A sample of nitrosyl bromide (NOBr) decomposes according to the equation $$2 \mathrm{NOBr}(g) \rightleftharpoons 2 \mathrm{NO}(g)+\mathrm{Br}_{2}(g).$$ An equilibrium mixture in a 5.00-L vessel at \(100^{\circ} \mathrm{C}\) contains \(3.22 \mathrm{~g}\) of NOBr, \(3.08 \mathrm{~g}\) of \(\mathrm{NO},\) and $4.19 \mathrm{~g}\( of \)\mathrm{Br}_{2}\(. (a) Calculate \)K_{c}$. (b) What is the total pressure exerted by the mixture of gases? (c) What was the mass of the original sample of NOBr?

First, let's determine the number of moles for NOBr, NO, and Br₂ by using their respective molar masses. Molar masses: NOBr: 14.01(g/mol for N) + 15.999(g/mol for O) + 79.904(g/mol for Br) = 109.923 g/mol NO: 14.01(g/mol for N) + 15.999(g/mol for O) = 30.009 g/mol Br₂: 2 × 79.904(g/mol for Br) = 159.808 g/mol Moles of each component: n_NOBr = 3.22 g / 109.923 g/mol = 0.0293 mol n_NO = 3.08 g / 30.009 g/mol = 0.1027 mol n_Br₂ = 4.19 g / 159.808 g/mol = 0.0262 mol

Since the volume of the reaction is given as 5.00 L, we can determine the concentrations of each component at equilibrium by dividing the number of moles by the volume. [NOBr] = n_NOBr / 5.00 L = 0.0293 mol / 5.00 L = 0.00586 M [NO] = n_NO / 5.00 L = 0.1027 mol / 5.00 L = 0.02054 M [Br₂] = n_Br₂ / 5.00 L = 0.0262 mol / 5.00 L = 0.00524 M

Now that we have the concentrations at equilibrium, we can find the equilibrium constant using the balanced chemical reaction: 2 NOBr(g) ⇌ 2 NO(g) + Br₂(g) $$K_{c} = \frac{[\mathrm{NO}]^{2}[\mathrm{Br}_{2}]}{[\mathrm{NOBr}]^{2}}$$ Plugging in the concentration values: $$K_{c} = \frac{(0.02054)^{2}(0.00524)}{(0.00586)^{2}}$$ Kc = 12.3 So, the equilibrium constant Kc = 12.3.

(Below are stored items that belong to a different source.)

Lemma Winf_onehot_law_ge (mu : set V -> \bar R) (a b : 'I_k -> R) :
  (\sum_j b j = 1)%R -> (forall j, mu (onehot_ball j) <= (a j)%:E) ->
  (2^-1 * tvd a b)%:E <= Winf mu (onehot_law b).
Proof.
move=> b1 mu_a; apply/ereal_infP => _ [pi pi_mu_b <-].
have pi_onehots : pi (snd @^-1` (@onehots R k)) = 1.
  by have [_ ->] := pi_mu_b _ (@measurable_onehots R k); rewrite onehot_law_onehots b1.
have pi_match j : pi (onehot_match j) <= (Num.min (a j) (b j))%:E.
  rewrite EFin_min le_min; apply/andP; split.
    apply: le_trans (mu_a j); have [<- _] := pi_mu_b _ (measurable_onehot_ball j).
    apply: le_measure; rewrite ?inE; [exact: (measurable_onehot_match j)| |by move=> z []].
    exact: measurable_fst_preimage (measurable_onehot_ball j).
  have b_j : onehot_law b [set onehot R j] = (b j)%:E.
    by apply: onehot_law_fiber => i; split=> [/onehot_inj|->].
  rewrite -b_j; have [_ <-] := pi_mu_b _ (measurable_set1_rV (onehot R j)).
  apply: le_measure; rewrite ?inE; [exact: (measurable_onehot_match j)| |by move=> z []].
  exact: measurable_snd_preimage (measurable_set1_rV (onehot R j)).
have sum_match : \sum_j pi (onehot_match j) <= \sum_j (Num.min (a j) (b j))%:E.
  by apply: lee_sum => j _; exact: pi_match.
have : 1 <= 2%:E * \int[pi]_z (linf_dist z.1 z.2)%:E + (\sum_j Num.min (a j) (b j))%:E.
  by rewrite -pi_onehots -sumEFin; exact: le_trans (measure_onehots_le pi) (leeD2l _ sum_match).
have : 0 <= \int[pi]_z (linf_dist z.1 z.2)%:E.
  by apply: integral_ge0 => z _; rewrite lee_fin linf_dist_ge0.
case: (\int[pi]_z _) => [r| |] //= r0; last by rewrite leey.
by rewrite /tvd -EFinM -EFinD !lee_fin => ?; lra.
Qed.
End coupling_lower_bound.

Section onehot_coupling.
Variables (R : realType) (n : nat).
Local Notation V := (Vk R n.+1).
Variables (w : 'I_n.+1 -> 'I_n.+1 -> R) (w_ge0 : forall i j, 0 <= w i j).
Hypothesis w_sum1 : \sum_i \sum_j w i j = 1.
Local Open Scope ereal_scope.

Definition onehot_pair (i j : 'I_n.+1) : V * V := (onehot R i, onehot R j).

(* [msum] sums a [nat]-indexed family of measures, hence the [inord]. *)
Definition onehot_pair_measure : {measure set (V * V) -> \bar R} :=
  msum (fun i => msum (fun j => mscale (NngNum (w_ge0 (inord i) (inord j)))
    \d_(onehot_pair (inord i) (inord j))) n.+1) n.+1.

Lemma onehot_pair_measureE A :
  onehot_pair_measure A = \sum_i \sum_j (w i j)%:E * \d_(onehot_pair i j) A.
Proof.
by apply: eq_bigr => i _; apply: eq_bigr => j _; rewrite /mscale /= !inord_val.
Qed.

(* [mnormalize] merely equips the mass-one measure [onehot_pair_measure] with a
   probability structure, see [onehot_couplingE]. *)
Definition onehot_coupling : probability (V * V)%type R :=
  mnormalize onehot_pair_measure \d_(onehot_pair ord0 ord0).

Lemma onehot_couplingE :
  onehot_coupling = onehot_pair_measure :> (set (V * V)%type -> \bar R).
Proof.
have mass1 : onehot_pair_measure setT = 1.
  rewrite onehot_pair_measureE -w_sum1 -sumEFin; apply: eq_bigr => i _.
  by rewrite -sumEFin; apply: eq_bigr => j _; rewrite diracT mule1.
by apply/funext => A; rewrite /onehot_coupling /= /mnormalize mass1 onee_eq0 /= invr1 mule1.
Qed.

Lemma is_coupling_onehot_coupling :
  is_coupling onehot_coupling (onehot_law (fun i => \sum_j w i j)%R)
                              (onehot_law (fun j => \sum_i w i j)%R).
Proof.
move=> A _; rewrite onehot_couplingE !onehot_pair_measureE; split.
  rewrite /onehot_law -sumEFin; apply: eq_bigr => i _; rewrite mulr_suml -sumEFin.
  by apply: eq_bigr => j _; rewrite diracE indicE EFinM.
rewrite /onehot_law exchange_big -sumEFin; apply: eq_bigr => j _; rewrite mulr_suml -sumEFin.
by apply: eq_bigr => i _; rewrite diracE indicE EFinM.
Qed.

Lemma integral_onehot_coupling :
  \int[onehot_coupling]_z (linf_dist z.1 z.2)%:E =
    (\sum_i \sum_j w i j * (i != j)%:R)%:E.
Proof.
have mlinf : measurable_fun [set: V * V] (fun z => (linf_dist z.1 z.2)%:E).
  by apply/measurable_EFinP; exact: measurable_fun_linf_dist measurable_fst measurable_snd.
have linf_ge0 (z : V * V) : [set: V * V] z -> 0 <= (linf_dist z.1 z.2)%:E.
  by rewrite lee_fin linf_dist_ge0.
rewrite onehot_couplingE ge0_integral_measure_sum // -sumEFin; apply: eq_bigr => i _.
rewrite ge0_integral_measure_sum // -sumEFin; apply: eq_bigr => j _.
rewrite ge0_integral_mscale // integral_dirac // diracT mul1e /=.
by rewrite !inord_val linf_dist_onehot.
Qed.

Lemma Winf_onehot_law_le_offdiag :
  Winf (onehot_law (fun i => \sum_j w i j)%R) (onehot_law (fun j => \sum_i w i j)%R) <=
    (\sum_i \sum_j w i j * (i != j)%:R)%:E.
Proof.
rewrite -integral_onehot_coupling; apply: ereal_inf_lbound.
by exists onehot_coupling => //; exact: is_coupling_onehot_coupling.
Qed.
End onehot_coupling.

Section maximal_coupling.
Variables (R : realType) (k : nat) (p t : 'I_k -> R).
Hypotheses (p_ge0 : forall i, 0 <= p i) (t_ge0 : forall i, 0 <= t i).
Hypotheses (p_sum1 : \sum_i p i = 1) (t_sum1 : \sum_i t i = 1).

Local Notation m i := (Num.min (p i) (t i)).
Local Notation tv := (tvd p t).

(* When [tv = 0], [p = t] and the residual masses vanish, so the junk value
   [x / 0 = 0] is harmless. *)
Definition maximal_coupling i j := (i == j)%:R * m i + (p i - m i) * (t j - m j) / tv.

Let residual_p_ge0 i : 0 <= p i - m i.
Proof. by rewrite subr_ge0 ge_min lexx. Qed.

To find the total pressure exerted by the mixture, we can use the ideal gas law, which is given by: PV = nRT The values of R (gas constant) and T (temperature) are given as R = 0.08206 L atm / mol K and T = 100 °C = 373 K. Let's start by finding the total number of moles of gas in the mixture: n_total = n_NOBr + n_NO + n_Br₂ = 0.0293 mol + 0.1027 mol + 0.0262 mol = 0.1582 mol Now we can substitute the values into the ideal gas law equation. P * 5.00 L = 0.1582 mol * 0.08206 L atm / mol K * 373 K Solving this equation, we get: P = 1.091 atm Thus, the total pressure exerted by the mixture is 1.091 atm.

To find the original mass of NOBr, we need to determine the number of moles of NOBr that dissociated during the reaction. Since the balanced equation shows that for every 2 moles of NOBr that decompose, 2 moles of NO are formed and 1 mole of Br₂ is formed, we can compare the number of moles to determine the initial number of moles of NOBr. From the balanced equation, the decomposition ratio of NOBr to NO is 1:1. So, the change in the number of moles of NO will be equal to the change in the number of moles of NOBr decomposed. Δn_NOBr = Δn_NO = n_NO - n_NO (initial) Since n_NO (initial) = 0, we have: Δn_NOBr = 0.1027 mol Now, let's find the initial number of moles of NOBr: n_NOBr (initial) = n_NOBr + Δn_NOBr = 0.0293 mol + 0.1027 mol = 0.132 mol Finally, let's convert the moles into grams using the molar mass of NOBr: Initial mass of NOBr = n_NOBr (initial) * molar mass of NOBr = 0.132 mol * 109.923 g/mol = 14.51 g Thus, the initial mass of the nitrosyl bromide sample was 14.51 g.